DIRECTIONS - Locate the line that contains "comb_map s a ->" in the entries below. Retype it and all following lines through the final one, character for character.

SUPPLIED RECORDS -
****************************************

Lemma orth_ZG_decomposition (S : {set D}) (b : C) :
  (forall z, z \in ZG R s a S -> pairing z b = 0) ->
  exists X M P : D -> R, [/\ forall d, d \in S -> X d = 0, forall d, M (a d) = M d,
    forall d, P (s d) = P d & forall d, b (inr d) = X d + M d + P d].
Proof.
move=> b_orth.
(* The linear equations cutting out the cycles of H among 1-chains on G:
   vanishing off S, zero sum on each edge and at each vertex. *)
pose q (i : D + (D + D)) d : R := match i with
  | inl j => ((j \notin S) && (d == j))%:R
  | inr (inl x) => (fconnect a x d)%:R
  | inr (inr x) => (fconnect s x d)%:R end.
have [c b_c] : exists c, forall d, b (inr d) = \sum_i c i * q i d.
  apply: annihilator_span => z z_q.
  have sum_indicator (P : pred D) : \sum_(d | P d) z d = \sum_d (P d)%:R * z d.
    by rewrite big_mkcond; apply: eq_bigr => d _; case: (P d); rewrite ?mul1r ?mul0r.
  have /b_orth : ([ffun k => if k is inl d then z d else 0] : C) \in ZG R s a S.
    apply: ZG_chain => [d dS | x | x]; rewrite ?sum_indicator; last 2 first.
    - exact: (z_q (inr (inl x))).
    - exact: (z_q (inr (inr x))).
    rewrite -(z_q (inl d)) (bigD1 d) //= big1 => [|e /negbTE ed]; last by rewrite ed andbF mul0r.
    by rewrite dS eqxx mul1r addr0.
  by rewrite /pairing => E; rewrite -[RHS]E; apply: eq_bigr => d _; rewrite ffunE mulrC.
exists (fun d => \sum_j c (inl j) * q (inl j) d).
exists (fun d => \sum_j c (inr (inl j)) * q (inr (inl j)) d).
exists (fun d => \sum_j c (inr (inr j)) * q (inr (inr j)) d); split => [d dS | d | d | d].
- apply: big1 => j _; case: (eqVneq d j) => [<-|/negbTE dj]; by rewrite /= ?dS ?dj ?andbF mulr0.
- by apply: eq_bigr => j _; rewrite /= -(same_fconnect1_r (@perm_inj _ a)).
- by apply: eq_bigr => j _; rewrite /= -(same_fconnect1_r (@perm_inj _ s)).
- by rewrite b_c !big_sumType; apply: addrA.
Qed.

Lemma orth_ZG_modBnd (S : {set D}) (b : C) : edge_set a S -> b \in ZD R s a setT ->
  (forall z, z \in ZG R s a S -> pairing z b = 0) ->
  exists l, b - bnd2 l \in ZD R s a (~: S).
Proof.
rewrite /ZD memv_cap => /forallP S_a /andP[b_cyc /suppDP[b_inl _]].
move=> /orth_ZG_decomposition[X [M [P [X_S M_a P_s b_XMP]]]].
have b_anti d : b (inr d) + b (inr (a d)) = 0.
  have [b_edge _] := dual_cycle_sums b_cyc b_inl.
  by rewrite -(sum_fconnect_invol (fun x => b (inr x)) aK (a_fixfree d)) b_edge.
have P_sV d : P ((s^-1)%g d) = P d by rewrite -{2}(permKV s d) P_s.
(* On an edge {d, a d} of S, b d = M d + P d and b (a d) = M d + P (a d) = - b d,
   so b d = (P d - P (a d)) / 2. *)
exists [ffun x => P x / 2]; rewrite memv_cap memvB //=; last by rewrite memZcyc bd1_bnd2.
apply/suppDP; split=> d; rewrite !ffunE ?b_inl P_sV ?subrr ?subr0 // inE negbK => dS.
have adS : a d \in S by exact: (implyP (S_a d)).
by have := b_anti d; rewrite !b_XMP !X_S // M_a; lra.
Qed.

Lemma ZG_subT (S : {set D}) : (ZG R s a S <= ZG R s a setT)%VS.
Proof.
apply/subvP => z; rewrite /ZG !memv_cap => /andP[-> /suppGP[z_inr _]] /=.
by apply/suppGP; split=> // d; rewrite inE.
Qed.

Lemma perp_ZG (S : {set D}) : edge_set a S ->
  perp s a (ZG R s a S + Bnd)%VS = (ZD R s a (~: S) + Bnd)%VS.
Proof.
move=> S_a; apply/vspaceP => v; apply/memv_addP/memv_addP => -[b b_in [t t_B ->]].
  move: b_in; rewrite memv_cap => /andP[b_ZD /mem_bigcap_pairingP b_orth].
  have [l b_l] : exists l, b - bnd2 l \in ZD R s a (~: S).
    apply: orth_ZG_modBnd => // z zG; apply: b_orth.
    by rewrite memv_cap (subvP (addvSl _ _) z zG) (subvP (ZG_subT S) z zG).
  exists (b - bnd2 l) => //; exists (bnd2 l + t); last by rewrite addrA subrK.
  by rewrite memvD //; apply/memBndP; exists l.
exists b; last by exists t.
move: b_in; rewrite /ZD !memv_cap => /andP[b_cyc /suppDP[b_inl b_out]].
rewrite b_cyc; apply/andP; split; first by apply/suppDP; split=> // d; rewrite inE.
apply/mem_bigcap_pairingP => _ /memv_capP[/memv_addP[z1 z1G [z2 z2B ->]] zG].
move: z1G zG; rewrite /ZG !memv_cap => /andP[_ /suppGP[z1_inr z1_out]] /andP[_ /suppGP[z_inr _]].
have -> : pairing (z1 + z2) b = pairing z1 b + pairing z2 b := raddfD (pairingr b) z1 z2.
rewrite (pairing_Bnd_dual_cycle z2B _ b_cyc b_inl) => [|d]; last first.
  by have := z_inr d; rewrite ffunE z1_inr add0r.
rewrite addr0 /pairing big1 // => d _.
by case: (boolP (d \in S)) => dS; [rewrite b_out ?mulr0 // inE dS | rewrite z1_out ?mul0r].
Qed.
End RibbonGraph.

Theorem lemma5p1 (R : realType) (D : finType) (s a : {perm D}) :
  comb_map s a ->
  @fgmapk R D (fun m => (m.1.1, m.2, m.1.2)) (@PGdual R D s a) =
  @fgmapk R D (fun m => (@perp R D s a m.1.1, m.1.2, m.2)) (@PG R D s a).
Proof.
case=> _ a_invol _.
have aK : involutive a by move=> d; case: (a_invol d).
have a_fixfree d : a d != d by case: (a_invol d).
rewrite /PGdual /PG !fgmapk_sum /= [LHS](reindex_inj (@setC_inj D)) /=.
rewrite (eq_bigl (edge_set a)) => [|S]; last exact: edge_setC.
apply: eq_bigr => S S_a.
by rewrite perp_ZG // dim_ZD_cap_Bnd // dim_ZG_cap_Bnd.
Qed.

****************************************

RESULT -
  comb_map s a ->
  @fgmapk R D (fun m => (m.1.1, m.2, m.1.2)) (@PGdual R D s a) =
  @fgmapk R D (fun m => (@perp R D s a m.1.1, m.1.2, m.2)) (@PG R D s a).
Proof.
case=> _ a_invol _.
have aK : involutive a by move=> d; case: (a_invol d).
have a_fixfree d : a d != d by case: (a_invol d).
rewrite /PGdual /PG !fgmapk_sum /= [LHS](reindex_inj (@setC_inj D)) /=.
rewrite (eq_bigl (edge_set a)) => [|S]; last exact: edge_setC.
apply: eq_bigr => S S_a.
by rewrite perp_ZG // dim_ZD_cap_Bnd // dim_ZG_cap_Bnd.
Qed.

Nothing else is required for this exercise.